TASK DETAILS: Return each line of the listing in which the word "Definition" appears.

──────────────────────────────

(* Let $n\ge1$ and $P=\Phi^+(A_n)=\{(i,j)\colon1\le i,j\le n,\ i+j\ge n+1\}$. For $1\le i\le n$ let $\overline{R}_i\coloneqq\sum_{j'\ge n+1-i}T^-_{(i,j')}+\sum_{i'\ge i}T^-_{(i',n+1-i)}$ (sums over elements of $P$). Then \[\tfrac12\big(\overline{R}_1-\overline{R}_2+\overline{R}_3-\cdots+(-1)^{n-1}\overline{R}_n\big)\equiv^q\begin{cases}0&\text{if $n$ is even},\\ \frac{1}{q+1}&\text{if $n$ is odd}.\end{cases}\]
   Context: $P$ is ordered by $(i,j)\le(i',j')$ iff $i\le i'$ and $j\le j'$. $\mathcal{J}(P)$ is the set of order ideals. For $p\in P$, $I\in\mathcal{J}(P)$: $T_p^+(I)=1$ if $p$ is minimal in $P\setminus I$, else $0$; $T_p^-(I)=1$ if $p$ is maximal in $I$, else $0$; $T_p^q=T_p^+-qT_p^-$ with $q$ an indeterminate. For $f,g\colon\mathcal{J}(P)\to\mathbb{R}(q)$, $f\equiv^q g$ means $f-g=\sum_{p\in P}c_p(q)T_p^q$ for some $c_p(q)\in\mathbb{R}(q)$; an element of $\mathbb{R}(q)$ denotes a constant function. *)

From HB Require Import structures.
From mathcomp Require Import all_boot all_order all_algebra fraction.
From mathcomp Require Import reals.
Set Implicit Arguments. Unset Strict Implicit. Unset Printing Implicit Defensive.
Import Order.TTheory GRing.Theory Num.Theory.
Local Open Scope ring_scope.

──────────────────────────────

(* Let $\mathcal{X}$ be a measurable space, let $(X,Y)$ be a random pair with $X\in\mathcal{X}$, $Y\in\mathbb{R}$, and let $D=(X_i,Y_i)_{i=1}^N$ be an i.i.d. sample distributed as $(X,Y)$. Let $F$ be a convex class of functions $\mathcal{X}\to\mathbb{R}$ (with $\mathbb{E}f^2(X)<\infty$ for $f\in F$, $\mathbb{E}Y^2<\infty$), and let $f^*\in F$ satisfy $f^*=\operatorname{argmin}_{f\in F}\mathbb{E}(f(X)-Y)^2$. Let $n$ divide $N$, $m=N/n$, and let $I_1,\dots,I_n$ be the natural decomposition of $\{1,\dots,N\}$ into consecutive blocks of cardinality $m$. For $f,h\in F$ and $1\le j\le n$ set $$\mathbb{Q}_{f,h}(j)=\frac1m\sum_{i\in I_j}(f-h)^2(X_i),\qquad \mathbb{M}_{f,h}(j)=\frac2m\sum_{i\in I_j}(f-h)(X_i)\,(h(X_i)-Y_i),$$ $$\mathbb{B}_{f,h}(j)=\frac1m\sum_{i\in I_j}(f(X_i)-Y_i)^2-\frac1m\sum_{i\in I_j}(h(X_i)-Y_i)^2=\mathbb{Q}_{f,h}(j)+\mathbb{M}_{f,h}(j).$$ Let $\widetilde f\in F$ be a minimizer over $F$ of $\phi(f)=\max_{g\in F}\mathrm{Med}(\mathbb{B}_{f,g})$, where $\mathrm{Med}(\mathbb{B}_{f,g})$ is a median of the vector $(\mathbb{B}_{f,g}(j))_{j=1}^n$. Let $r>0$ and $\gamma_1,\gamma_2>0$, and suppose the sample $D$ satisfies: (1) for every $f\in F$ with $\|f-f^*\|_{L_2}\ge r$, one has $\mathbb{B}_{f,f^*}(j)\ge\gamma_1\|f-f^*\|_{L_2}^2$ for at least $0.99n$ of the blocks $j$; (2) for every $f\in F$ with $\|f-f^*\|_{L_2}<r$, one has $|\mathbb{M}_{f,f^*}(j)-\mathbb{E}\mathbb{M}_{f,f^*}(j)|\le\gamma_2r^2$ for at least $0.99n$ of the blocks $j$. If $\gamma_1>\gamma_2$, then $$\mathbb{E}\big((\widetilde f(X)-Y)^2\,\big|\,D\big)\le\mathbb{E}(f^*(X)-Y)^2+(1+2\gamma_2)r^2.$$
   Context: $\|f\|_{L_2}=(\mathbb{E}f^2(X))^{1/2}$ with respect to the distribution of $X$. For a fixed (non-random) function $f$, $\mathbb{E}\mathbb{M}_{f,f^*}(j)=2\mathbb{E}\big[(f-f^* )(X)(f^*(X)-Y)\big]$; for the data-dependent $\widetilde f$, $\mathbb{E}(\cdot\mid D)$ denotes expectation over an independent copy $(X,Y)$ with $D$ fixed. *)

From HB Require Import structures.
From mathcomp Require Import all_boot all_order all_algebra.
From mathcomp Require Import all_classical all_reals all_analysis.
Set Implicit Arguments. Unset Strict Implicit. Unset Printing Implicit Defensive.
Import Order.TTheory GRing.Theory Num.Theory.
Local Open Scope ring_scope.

──────────────────────────────

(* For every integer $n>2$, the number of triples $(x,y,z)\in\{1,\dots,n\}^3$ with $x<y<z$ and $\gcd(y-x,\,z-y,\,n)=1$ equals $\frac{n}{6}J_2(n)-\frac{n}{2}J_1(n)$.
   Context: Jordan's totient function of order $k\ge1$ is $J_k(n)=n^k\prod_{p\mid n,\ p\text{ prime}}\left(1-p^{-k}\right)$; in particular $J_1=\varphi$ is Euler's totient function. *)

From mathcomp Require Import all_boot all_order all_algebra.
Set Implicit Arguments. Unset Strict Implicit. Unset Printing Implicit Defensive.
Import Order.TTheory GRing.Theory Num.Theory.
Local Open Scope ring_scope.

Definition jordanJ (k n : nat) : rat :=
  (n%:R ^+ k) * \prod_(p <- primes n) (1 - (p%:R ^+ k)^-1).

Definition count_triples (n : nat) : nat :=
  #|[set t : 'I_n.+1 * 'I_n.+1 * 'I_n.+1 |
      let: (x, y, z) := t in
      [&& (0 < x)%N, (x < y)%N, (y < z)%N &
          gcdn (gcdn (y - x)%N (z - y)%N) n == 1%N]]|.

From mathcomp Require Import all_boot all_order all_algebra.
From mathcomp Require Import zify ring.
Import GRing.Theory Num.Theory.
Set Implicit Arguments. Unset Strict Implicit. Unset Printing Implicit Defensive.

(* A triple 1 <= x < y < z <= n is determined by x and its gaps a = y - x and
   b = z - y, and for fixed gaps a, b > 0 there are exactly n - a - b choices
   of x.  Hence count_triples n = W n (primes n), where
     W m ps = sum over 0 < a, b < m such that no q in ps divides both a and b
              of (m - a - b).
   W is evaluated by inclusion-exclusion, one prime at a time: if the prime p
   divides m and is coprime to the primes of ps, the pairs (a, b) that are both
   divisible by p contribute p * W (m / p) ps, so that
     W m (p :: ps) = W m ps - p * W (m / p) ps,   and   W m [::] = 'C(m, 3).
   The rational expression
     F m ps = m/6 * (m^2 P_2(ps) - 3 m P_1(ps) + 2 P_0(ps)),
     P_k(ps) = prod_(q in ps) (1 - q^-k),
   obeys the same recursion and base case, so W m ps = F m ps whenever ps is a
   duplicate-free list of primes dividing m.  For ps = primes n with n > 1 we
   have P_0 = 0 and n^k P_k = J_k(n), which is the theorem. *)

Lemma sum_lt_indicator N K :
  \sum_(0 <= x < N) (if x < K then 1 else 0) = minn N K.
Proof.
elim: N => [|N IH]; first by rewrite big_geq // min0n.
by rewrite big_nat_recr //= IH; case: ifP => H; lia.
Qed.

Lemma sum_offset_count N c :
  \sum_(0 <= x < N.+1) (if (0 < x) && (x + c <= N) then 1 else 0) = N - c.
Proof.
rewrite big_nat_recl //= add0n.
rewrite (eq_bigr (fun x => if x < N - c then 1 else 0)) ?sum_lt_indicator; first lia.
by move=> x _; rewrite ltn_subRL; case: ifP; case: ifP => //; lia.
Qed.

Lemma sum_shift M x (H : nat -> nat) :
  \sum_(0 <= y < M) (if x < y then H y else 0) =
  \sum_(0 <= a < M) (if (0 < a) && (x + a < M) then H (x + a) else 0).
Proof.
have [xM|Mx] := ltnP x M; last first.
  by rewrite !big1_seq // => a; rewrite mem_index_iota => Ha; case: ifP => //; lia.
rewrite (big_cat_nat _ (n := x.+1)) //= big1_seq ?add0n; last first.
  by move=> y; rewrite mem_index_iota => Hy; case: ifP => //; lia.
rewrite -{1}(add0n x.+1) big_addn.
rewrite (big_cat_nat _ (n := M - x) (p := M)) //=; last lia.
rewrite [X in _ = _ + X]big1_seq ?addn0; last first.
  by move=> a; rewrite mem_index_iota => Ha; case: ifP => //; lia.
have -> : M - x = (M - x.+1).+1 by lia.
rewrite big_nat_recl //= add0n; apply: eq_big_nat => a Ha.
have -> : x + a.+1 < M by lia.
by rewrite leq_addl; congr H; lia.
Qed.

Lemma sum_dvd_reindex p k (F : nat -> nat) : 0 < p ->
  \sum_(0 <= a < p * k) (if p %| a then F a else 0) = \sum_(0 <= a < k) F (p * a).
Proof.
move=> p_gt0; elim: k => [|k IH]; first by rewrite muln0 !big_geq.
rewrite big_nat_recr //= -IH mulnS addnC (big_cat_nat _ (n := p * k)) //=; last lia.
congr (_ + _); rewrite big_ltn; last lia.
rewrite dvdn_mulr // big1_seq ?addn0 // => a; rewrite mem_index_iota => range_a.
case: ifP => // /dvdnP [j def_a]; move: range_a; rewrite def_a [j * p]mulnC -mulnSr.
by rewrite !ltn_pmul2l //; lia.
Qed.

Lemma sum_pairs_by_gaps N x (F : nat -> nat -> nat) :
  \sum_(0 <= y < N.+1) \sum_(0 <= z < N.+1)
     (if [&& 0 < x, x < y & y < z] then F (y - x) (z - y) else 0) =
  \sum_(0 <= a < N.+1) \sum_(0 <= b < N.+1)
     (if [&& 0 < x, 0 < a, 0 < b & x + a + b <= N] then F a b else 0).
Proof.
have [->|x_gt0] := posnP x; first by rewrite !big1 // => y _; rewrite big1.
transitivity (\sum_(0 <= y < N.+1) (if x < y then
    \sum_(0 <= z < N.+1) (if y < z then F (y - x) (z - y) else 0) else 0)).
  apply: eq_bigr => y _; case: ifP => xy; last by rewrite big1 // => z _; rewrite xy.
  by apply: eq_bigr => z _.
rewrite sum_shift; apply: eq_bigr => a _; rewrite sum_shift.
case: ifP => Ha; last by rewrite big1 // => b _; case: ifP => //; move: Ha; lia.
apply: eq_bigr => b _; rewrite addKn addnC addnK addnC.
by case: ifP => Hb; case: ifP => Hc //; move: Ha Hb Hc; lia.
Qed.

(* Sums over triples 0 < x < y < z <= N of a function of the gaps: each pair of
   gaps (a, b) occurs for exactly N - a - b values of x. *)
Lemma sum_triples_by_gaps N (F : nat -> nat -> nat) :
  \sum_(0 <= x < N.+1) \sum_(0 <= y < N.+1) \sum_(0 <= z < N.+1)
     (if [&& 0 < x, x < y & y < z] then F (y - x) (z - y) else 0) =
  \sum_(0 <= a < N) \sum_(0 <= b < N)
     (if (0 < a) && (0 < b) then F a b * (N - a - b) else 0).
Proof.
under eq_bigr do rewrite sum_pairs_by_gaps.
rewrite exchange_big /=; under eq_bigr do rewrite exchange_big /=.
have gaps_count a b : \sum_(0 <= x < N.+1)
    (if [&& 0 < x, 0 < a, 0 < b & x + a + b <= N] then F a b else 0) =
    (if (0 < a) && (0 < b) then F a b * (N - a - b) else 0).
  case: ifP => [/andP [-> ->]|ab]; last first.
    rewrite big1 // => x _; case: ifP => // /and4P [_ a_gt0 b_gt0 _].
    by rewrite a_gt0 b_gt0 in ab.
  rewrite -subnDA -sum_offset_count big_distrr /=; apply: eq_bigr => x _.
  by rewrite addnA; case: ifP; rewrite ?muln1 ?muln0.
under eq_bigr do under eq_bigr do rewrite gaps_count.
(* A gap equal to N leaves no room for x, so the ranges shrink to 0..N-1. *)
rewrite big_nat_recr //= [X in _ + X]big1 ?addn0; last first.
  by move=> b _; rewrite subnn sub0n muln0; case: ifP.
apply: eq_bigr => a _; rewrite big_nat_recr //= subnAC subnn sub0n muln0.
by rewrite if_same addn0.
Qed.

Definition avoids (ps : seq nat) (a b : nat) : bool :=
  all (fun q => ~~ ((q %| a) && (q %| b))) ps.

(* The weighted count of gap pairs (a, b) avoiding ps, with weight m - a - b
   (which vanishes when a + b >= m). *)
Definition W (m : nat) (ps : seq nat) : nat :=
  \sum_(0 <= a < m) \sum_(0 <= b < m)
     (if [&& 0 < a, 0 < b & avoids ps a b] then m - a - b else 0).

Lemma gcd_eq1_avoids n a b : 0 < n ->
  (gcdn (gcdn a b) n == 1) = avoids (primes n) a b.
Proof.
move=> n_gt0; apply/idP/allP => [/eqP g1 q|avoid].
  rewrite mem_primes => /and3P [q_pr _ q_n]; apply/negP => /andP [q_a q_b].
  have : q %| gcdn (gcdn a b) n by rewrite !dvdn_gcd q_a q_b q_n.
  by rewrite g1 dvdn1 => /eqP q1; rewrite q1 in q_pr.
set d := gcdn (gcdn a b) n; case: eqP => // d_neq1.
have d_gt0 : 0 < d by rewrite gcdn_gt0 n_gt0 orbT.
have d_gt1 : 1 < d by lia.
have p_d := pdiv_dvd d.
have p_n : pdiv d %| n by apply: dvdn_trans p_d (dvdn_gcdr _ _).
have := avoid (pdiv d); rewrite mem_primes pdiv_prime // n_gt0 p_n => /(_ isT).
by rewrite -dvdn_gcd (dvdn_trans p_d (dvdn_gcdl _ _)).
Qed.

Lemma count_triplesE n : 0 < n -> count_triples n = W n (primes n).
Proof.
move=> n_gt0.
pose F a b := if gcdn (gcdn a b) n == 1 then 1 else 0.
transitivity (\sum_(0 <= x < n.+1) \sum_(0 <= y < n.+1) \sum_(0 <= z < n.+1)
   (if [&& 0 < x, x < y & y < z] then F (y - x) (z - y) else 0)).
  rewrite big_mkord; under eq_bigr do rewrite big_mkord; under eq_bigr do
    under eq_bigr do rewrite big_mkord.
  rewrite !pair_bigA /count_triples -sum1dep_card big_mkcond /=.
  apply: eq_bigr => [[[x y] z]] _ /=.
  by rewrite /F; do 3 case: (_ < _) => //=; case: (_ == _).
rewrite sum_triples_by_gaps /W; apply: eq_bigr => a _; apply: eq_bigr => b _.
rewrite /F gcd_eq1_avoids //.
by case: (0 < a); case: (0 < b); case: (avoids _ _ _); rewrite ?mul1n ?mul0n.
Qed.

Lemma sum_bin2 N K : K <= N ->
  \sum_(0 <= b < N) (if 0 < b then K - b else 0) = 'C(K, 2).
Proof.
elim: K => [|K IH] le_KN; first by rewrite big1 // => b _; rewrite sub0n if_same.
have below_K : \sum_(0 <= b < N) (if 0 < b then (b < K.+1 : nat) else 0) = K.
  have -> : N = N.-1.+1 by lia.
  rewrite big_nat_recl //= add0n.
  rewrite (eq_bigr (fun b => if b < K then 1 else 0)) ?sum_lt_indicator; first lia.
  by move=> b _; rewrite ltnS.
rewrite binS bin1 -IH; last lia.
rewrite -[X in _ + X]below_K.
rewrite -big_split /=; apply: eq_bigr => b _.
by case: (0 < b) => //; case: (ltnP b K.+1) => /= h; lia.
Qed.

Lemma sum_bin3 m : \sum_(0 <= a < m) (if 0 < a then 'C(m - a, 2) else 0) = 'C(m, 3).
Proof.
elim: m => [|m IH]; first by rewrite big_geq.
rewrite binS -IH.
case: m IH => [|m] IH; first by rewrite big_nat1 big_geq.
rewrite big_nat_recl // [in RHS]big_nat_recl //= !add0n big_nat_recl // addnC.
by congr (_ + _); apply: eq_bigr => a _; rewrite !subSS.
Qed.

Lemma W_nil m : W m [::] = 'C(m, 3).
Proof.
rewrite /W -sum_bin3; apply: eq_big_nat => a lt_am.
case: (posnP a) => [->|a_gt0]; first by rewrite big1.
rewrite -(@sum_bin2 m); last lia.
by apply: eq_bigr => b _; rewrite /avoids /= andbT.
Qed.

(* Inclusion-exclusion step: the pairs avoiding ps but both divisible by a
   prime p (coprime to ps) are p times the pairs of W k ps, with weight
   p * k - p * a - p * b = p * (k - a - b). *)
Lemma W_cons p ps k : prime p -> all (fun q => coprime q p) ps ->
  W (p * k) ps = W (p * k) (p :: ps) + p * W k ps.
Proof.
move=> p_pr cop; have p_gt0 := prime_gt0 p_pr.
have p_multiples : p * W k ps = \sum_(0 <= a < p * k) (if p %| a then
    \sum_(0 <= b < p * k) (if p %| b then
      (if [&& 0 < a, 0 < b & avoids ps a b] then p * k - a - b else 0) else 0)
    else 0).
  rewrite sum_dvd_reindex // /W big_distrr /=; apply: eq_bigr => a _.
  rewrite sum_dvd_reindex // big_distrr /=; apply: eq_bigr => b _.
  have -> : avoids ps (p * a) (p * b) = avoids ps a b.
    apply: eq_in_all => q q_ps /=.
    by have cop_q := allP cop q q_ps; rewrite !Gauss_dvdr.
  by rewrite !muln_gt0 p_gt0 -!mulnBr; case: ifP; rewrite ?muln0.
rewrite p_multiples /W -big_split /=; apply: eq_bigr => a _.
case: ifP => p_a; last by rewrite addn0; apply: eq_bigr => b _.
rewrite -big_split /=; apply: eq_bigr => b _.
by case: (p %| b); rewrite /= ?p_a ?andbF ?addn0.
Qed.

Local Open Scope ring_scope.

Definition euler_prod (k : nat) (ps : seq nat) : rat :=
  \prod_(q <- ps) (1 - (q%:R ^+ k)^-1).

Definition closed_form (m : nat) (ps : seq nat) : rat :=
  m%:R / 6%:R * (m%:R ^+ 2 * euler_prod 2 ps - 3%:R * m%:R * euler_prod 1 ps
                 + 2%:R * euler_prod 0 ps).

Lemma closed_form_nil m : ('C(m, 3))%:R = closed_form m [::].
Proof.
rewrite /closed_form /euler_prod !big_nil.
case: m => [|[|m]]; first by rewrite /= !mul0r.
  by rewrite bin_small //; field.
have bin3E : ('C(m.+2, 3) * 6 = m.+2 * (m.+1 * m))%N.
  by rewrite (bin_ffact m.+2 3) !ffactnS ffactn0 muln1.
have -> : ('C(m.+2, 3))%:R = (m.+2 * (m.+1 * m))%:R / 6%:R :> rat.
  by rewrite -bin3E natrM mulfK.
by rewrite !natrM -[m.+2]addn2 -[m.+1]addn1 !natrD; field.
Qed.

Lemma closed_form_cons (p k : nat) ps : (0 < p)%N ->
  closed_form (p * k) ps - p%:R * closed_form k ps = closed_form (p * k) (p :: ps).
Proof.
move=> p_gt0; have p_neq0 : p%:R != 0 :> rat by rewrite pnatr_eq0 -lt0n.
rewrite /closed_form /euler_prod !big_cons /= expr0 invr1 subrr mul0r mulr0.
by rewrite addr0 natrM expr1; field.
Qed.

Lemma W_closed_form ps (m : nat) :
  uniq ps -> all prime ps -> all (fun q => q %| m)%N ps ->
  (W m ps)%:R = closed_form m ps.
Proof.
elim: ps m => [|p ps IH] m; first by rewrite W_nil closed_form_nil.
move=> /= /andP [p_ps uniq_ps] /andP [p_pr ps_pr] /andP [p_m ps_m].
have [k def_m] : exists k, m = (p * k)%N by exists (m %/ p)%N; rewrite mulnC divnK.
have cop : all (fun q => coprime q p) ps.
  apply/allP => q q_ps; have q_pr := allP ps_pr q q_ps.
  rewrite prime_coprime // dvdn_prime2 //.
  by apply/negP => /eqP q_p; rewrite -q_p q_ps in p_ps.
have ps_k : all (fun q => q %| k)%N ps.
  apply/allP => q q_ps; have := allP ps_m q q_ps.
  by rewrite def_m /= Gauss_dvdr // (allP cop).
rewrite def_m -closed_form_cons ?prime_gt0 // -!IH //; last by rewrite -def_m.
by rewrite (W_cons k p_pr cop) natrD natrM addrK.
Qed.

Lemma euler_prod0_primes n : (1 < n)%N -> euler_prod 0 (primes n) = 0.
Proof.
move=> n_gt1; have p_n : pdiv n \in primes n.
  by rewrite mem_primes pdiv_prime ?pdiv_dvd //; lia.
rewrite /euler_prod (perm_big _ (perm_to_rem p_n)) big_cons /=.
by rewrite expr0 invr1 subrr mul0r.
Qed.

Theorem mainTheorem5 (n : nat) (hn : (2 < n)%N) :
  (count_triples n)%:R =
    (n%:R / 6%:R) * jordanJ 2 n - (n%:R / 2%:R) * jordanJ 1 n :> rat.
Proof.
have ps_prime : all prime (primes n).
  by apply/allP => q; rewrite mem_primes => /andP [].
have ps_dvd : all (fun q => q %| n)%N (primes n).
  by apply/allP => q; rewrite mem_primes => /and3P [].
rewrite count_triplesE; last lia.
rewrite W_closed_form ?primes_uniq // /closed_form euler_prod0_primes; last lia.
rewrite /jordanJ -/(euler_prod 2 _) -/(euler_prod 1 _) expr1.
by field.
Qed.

──────────────────────────────

FINISHED EXERCISE:
Definition jordanJ (k n : nat) : rat :=
Definition count_triples (n : nat) : nat :=
Definition avoids (ps : seq nat) (a b : nat) : bool :=
Definition W (m : nat) (ps : seq nat) : nat :=
Definition euler_prod (k : nat) (ps : seq nat) : rat :=
Definition closed_form (m : nat) (ps : seq nat) : rat :=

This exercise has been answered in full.